▸ What this task involves
When you reach the line that contains "move=> x y t; rewrite /LSE_tangent." in the entries below, begin returning lines exactly as written and continue through the last one.

[Collected data]
(* Let $m\ge 2$ be an integer, and let $P_n\in\mathbb{R}^{m}$ and $P_n^k\in\mathbb{R}^{m}$ be arbitrary vectors (the latter a fixed linearization point), with components $P_{n,j}$ and $P^k_{n,j}$. For $i\in\{1,\dots,m\}$ define the softmax component $$R_{n,i}(P_n)=\frac{\exp(P_{n,i})}{\sum_{j=1}^{m}\exp(P_{n,j})},$$ and the log-sum-exp function $\mathrm{LSE}(P_n)=\ln\Bigl(\sum_{j=1}^{m}\exp(P_{n,j})\Bigr)$. Let $\exp(P_n^k)$ denote the vector with components $\exp(P^k_{n,j})$, and define $$\underline{R}_{n,i}(P_n)=1-\sum_{j\neq i}^{m}\exp(P_{n,j})\,\exp\Bigl\{-\mathrm{LSE}(P_n^k)-\Bigl[\frac{\exp(P_n^k)}{\sum_{j=1}^{m}\exp(P^k_{n,j})}\Bigr]^{\top}(P_n-P_n^k)\Bigr\}.$$ Then for all $P_n\in\mathbb{R}^{m}$ we have $R_{n,i}(P_n)\ge \underline{R}_{n,i}(P_n)$, and moreover $\underline{R}_{n,i}$ is a concave function of $P_n$.
   Context: Here $P_n$ plays the role of the $n$th row of a matrix $P\in\mathbb{R}^{m\times m}$ to which the softmax function is applied row-wise, and $P_n^k$ is the corresponding row of a fixed matrix $P^k$ (a linearization point). The sum $\sum_{j\neq i}^{m}$ means the sum over $j\in\{1,\dots,m\}\setminus\{i\}$. *)

From HB Require Import structures.
From mathcomp Require Import all_boot all_order all_algebra.
From mathcomp Require Import all_classical all_reals all_analysis.
Set Implicit Arguments. Unset Strict Implicit. Unset Printing Implicit Defensive.
Import Order.TTheory GRing.Theory Num.Theory.
Local Open Scope ring_scope.

Section Softmax.
Variables (R : realType) (m : nat).

Definition softmax (P : 'rV[R]_m) (i : 'I_m) : R :=
  expR (P 0 i) / \sum_(j < m) expR (P 0 j).

Definition LSE (P : 'rV[R]_m) : R := ln (\sum_(j < m) expR (P 0 j)).

Definition softmax_lb (Pk P : 'rV[R]_m) (i : 'I_m) : R :=
  1 - \sum_(j < m | j != i)
        expR (P 0 j) *
        expR (- LSE Pk - \sum_(l < m) softmax Pk l * (P 0 l - Pk 0 l)).

End Softmax.

Definition concave_fun (R : realType) (m : nat) (f : 'rV[R]_m -> R) : Prop :=
  forall (x y : 'rV[R]_m) (t : R), 0 <= t -> t <= 1 ->
    t * f x + (1 - t) * f y <= f (t *: x + (1 - t) *: y).

(* The log-sum-exp function is convex with gradient softmax, so it dominates its
   tangent plane [LSE_tangent Pk] at [Pk] (Jensen for exp with the softmax weights
   of [Pk]).  Since softmax P i = 1 - sum_(j != i) exp (P_j - LSE P) and the lower
   bound is the same expression with LSE replaced by its tangent plane, the
   inequality holds termwise.  The exponents P_j - LSE_tangent Pk P are affine in
   P, so every term is convex and the lower bound is concave. *)

From HB Require Import structures.
From mathcomp Require Import all_boot all_order all_algebra.
From mathcomp Require Import all_classical all_reals all_analysis.
From mathcomp Require Import ring lra.
Import Order.TTheory GRing.Theory Num.Theory.
Local Open Scope ring_scope.

Section ExpConvexity.
Variable R : realType.

Lemma expR_convex (a b t : R) : 0 <= t -> t <= 1 ->
  expR (t * a + (1 - t) * b) <= t * expR a + (1 - t) * expR b.
Proof. by move=> t0 t1; exact: (convex_expR (Itv01 t0 t1) a b). Qed.

Lemma expR_wsum_le (I : finType) (w x : I -> R) :
  (forall l, 0 <= w l) -> \sum_l w l = 1 ->
  expR (\sum_l w l * x l) <= \sum_l w l * expR (x l).
Proof.
move=> w_ge0 w_sum1; set c := \sum_l w l * x l.
have tangent l : expR c * (1 + (x l - c)) <= expR (x l).
  by rewrite -[x l in leRHS](subrK c) expRD mulrC ler_wpM2r ?expR_ge0 ?expR_ge1Dx.
have -> : expR c = \sum_l w l * (expR c * (1 + (x l - c))).
  have expand l : w l * (expR c * (1 + (x l - c))) =
      expR c * w l + expR c * (w l * x l) - expR c * c * w l by ring.
  by rewrite (eq_bigr _ (fun l _ => expand l)) !big_split /= sumrN -!mulr_sumr w_sum1 -/c; ring.
by apply: ler_sum => l _; rewrite ler_wpM2l.
Qed.

End ExpConvexity.

Section Softmax.
Context {R : realType} {m : nat}.
Implicit Types (P Pk : 'rV[R]_m) (i : 'I_m).

(* An index [i] that does not occur in a statement only witnesses [0 < m]. *)

Definition LSE_tangent Pk P : R :=
  LSE Pk + \sum_(l < m) softmax Pk l * (P 0 l - Pk 0 l).

Lemma sum_expR_gt0 P i : 0 < \sum_(j < m) expR (P 0 j).
Proof. by rewrite (bigD1 i) //= ltr_pwDl ?expR_gt0 ?sumr_ge0. Qed.

Lemma expR_LSE P i : expR (LSE P) = \sum_(j < m) expR (P 0 j).
Proof. by rewrite lnK // posrE (sum_expR_gt0 P i). Qed.

Lemma softmax_ge0 P l : 0 <= softmax P l.
Proof. by rewrite divr_ge0 ?expR_ge0 ?sumr_ge0. Qed.

Lemma sum_softmax P i : \sum_(l < m) softmax P l = 1.
Proof. by rewrite -mulr_suml divff // lt0r_neq0 // (sum_expR_gt0 P i). Qed.

Lemma sum_softmax_expR_sub Pk P i :
  \sum_(l < m) softmax Pk l * expR (P 0 l - Pk 0 l) = expR (LSE P - LSE Pk).
Proof.
rewrite expRD expRN !(expR_LSE _ i) mulr_suml; apply: eq_bigr => l _.
by rewrite /softmax mulrAC -expRD (addrC (Pk 0 l)) subrK.
Qed.

Lemma LSE_tangent_le Pk P i : LSE_tangent Pk P <= LSE P.
Proof.
rewrite /LSE_tangent addrC -lerBrDr -ler_expR -(sum_softmax_expR_sub _ _ i).
by apply: expR_wsum_le; [exact: softmax_ge0 | exact: sum_softmax].
Qed.

Lemma softmaxE P i :
  softmax P i = 1 - \sum_(j < m | j != i) expR (P 0 j - LSE P).
Proof.
under eq_bigr do rewrite expRD.
rewrite -mulr_suml expRN (expR_LSE _ i) /softmax (bigD1 i) //=.
have := sum_expR_gt0 P i; rewrite (bigD1 i) //= => /lt0r_neq0.
by move: (\sum_(j < m | j != i) _) => S S0; field.
Qed.

Lemma softmax_lbE Pk P i :
  softmax_lb Pk P i = 1 - \sum_(j < m | j != i) expR (P 0 j - LSE_tangent Pk P).
Proof.
rewrite /softmax_lb /LSE_tangent; congr (1 - _); apply: eq_bigr => j _.
by rewrite opprD expRD.
Qed.

Definition affine_fun (f : 'rV[R]_m -> R) : Prop :=
  forall x y t, f (t *: x + (1 - t) *: y) = t * f x + (1 - t) * f y.

Lemma affine_LSE_tangent Pk : affine_fun (LSE_tangent Pk).
Proof.
move=> x y t; rewrite /LSE_tangent.
have -> : \sum_(l < m) softmax Pk l * ((t *: x + (1 - t) *: y) 0 l - Pk 0 l) =
    t * \sum_(l < m) softmax Pk l * (x 0 l - Pk 0 l) +
    (1 - t) * \sum_(l < m) softmax Pk l * (y 0 l - Pk 0 l).
  by rewrite !mulr_sumr -big_split /=; apply: eq_bigr => l _; rewrite !mxE; ring.
ring.
Qed.

Lemma affine_coordB_LSE_tangent Pk j :
  affine_fun (fun P => P 0 j - LSE_tangent Pk P).
Proof. by move=> x y t; rewrite affine_LSE_tangent !mxE; ring. Qed.

Lemma concave_fun_1_sub_sum_expR {I : finType} (p : pred I)
    (f : I -> 'rV[R]_m -> R) :
  (forall j, affine_fun (f j)) ->
  concave_fun (fun P => 1 - \sum_(j | p j) expR (f j P)).
Proof.
move=> f_affine x y t t0 t1 /=.
suff : \sum_(j | p j) expR (f j (t *: x + (1 - t) *: y)) <=
    t * \sum_(j | p j) expR (f j x) + (1 - t) * \sum_(j | p j) expR (f j y) by lra.
rewrite !mulr_sumr -big_split /=; apply: ler_sum => j _.
by rewrite f_affine; exact: expR_convex.
Qed.

End Softmax.

Theorem lemma1 (R : realType) (m : nat) (hm : (2 <= m)%N)
  (Pk : 'rV[R]_m) (i : 'I_m) :
  (forall P : 'rV[R]_m, softmax_lb Pk P i <= softmax P i) /\
  concave_fun (fun P : 'rV[R]_m => softmax_lb Pk P i).
Proof.
(* [hm] is not needed: the index [i] already makes every sum of exponentials positive. *)
split=> [P | x y t t0 t1].
- rewrite softmax_lbE softmaxE lerB // ler_sum // => j _.
  by rewrite ler_expR lerB // (LSE_tangent_le Pk P i).
- rewrite !softmax_lbE.
  exact: (concave_fun_1_sub_sum_expR (fun j => j != i) _
            (affine_coordB_LSE_tangent Pk) x y t t0 t1).
Qed.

▸ Problem solution
move=> x y t; rewrite /LSE_tangent.
have -> : \sum_(l < m) softmax Pk l * ((t *: x + (1 - t) *: y) 0 l - Pk 0 l) =
    t * \sum_(l < m) softmax Pk l * (x 0 l - Pk 0 l) +
    (1 - t) * \sum_(l < m) softmax Pk l * (y 0 l - Pk 0 l).
  by rewrite !mulr_sumr -big_split /=; apply: eq_bigr => l _; rewrite !mxE; ring.
ring.
Qed.

Lemma affine_coordB_LSE_tangent Pk j :
  affine_fun (fun P => P 0 j - LSE_tangent Pk P).
Proof. by move=> x y t; rewrite affine_LSE_tangent !mxE; ring. Qed.

Lemma concave_fun_1_sub_sum_expR {I : finType} (p : pred I)
    (f : I -> 'rV[R]_m -> R) :
  (forall j, affine_fun (f j)) ->
  concave_fun (fun P => 1 - \sum_(j | p j) expR (f j P)).
Proof.
move=> f_affine x y t t0 t1 /=.
suff : \sum_(j | p j) expR (f j (t *: x + (1 - t) *: y)) <=
    t * \sum_(j | p j) expR (f j x) + (1 - t) * \sum_(j | p j) expR (f j y) by lra.
rewrite !mulr_sumr -big_split /=; apply: ler_sum => j _.
by rewrite f_affine; exact: expR_convex.
Qed.

End Softmax.

Theorem lemma1 (R : realType) (m : nat) (hm : (2 <= m)%N)
  (Pk : 'rV[R]_m) (i : 'I_m) :
  (forall P : 'rV[R]_m, softmax_lb Pk P i <= softmax P i) /\
  concave_fun (fun P : 'rV[R]_m => softmax_lb Pk P i).
Proof.
(* [hm] is not needed: the index [i] already makes every sum of exponentials positive. *)
split=> [P | x y t t0 t1].
- rewrite softmax_lbE softmaxE lerB // ler_sum // => j _.
  by rewrite ler_expR lerB // (LSE_tangent_le Pk P i).
- rewrite !softmax_lbE.
  exact: (concave_fun_1_sub_sum_expR (fun j => j != i) _
            (affine_coordB_LSE_tangent Pk) x y t t0 t1).
Qed.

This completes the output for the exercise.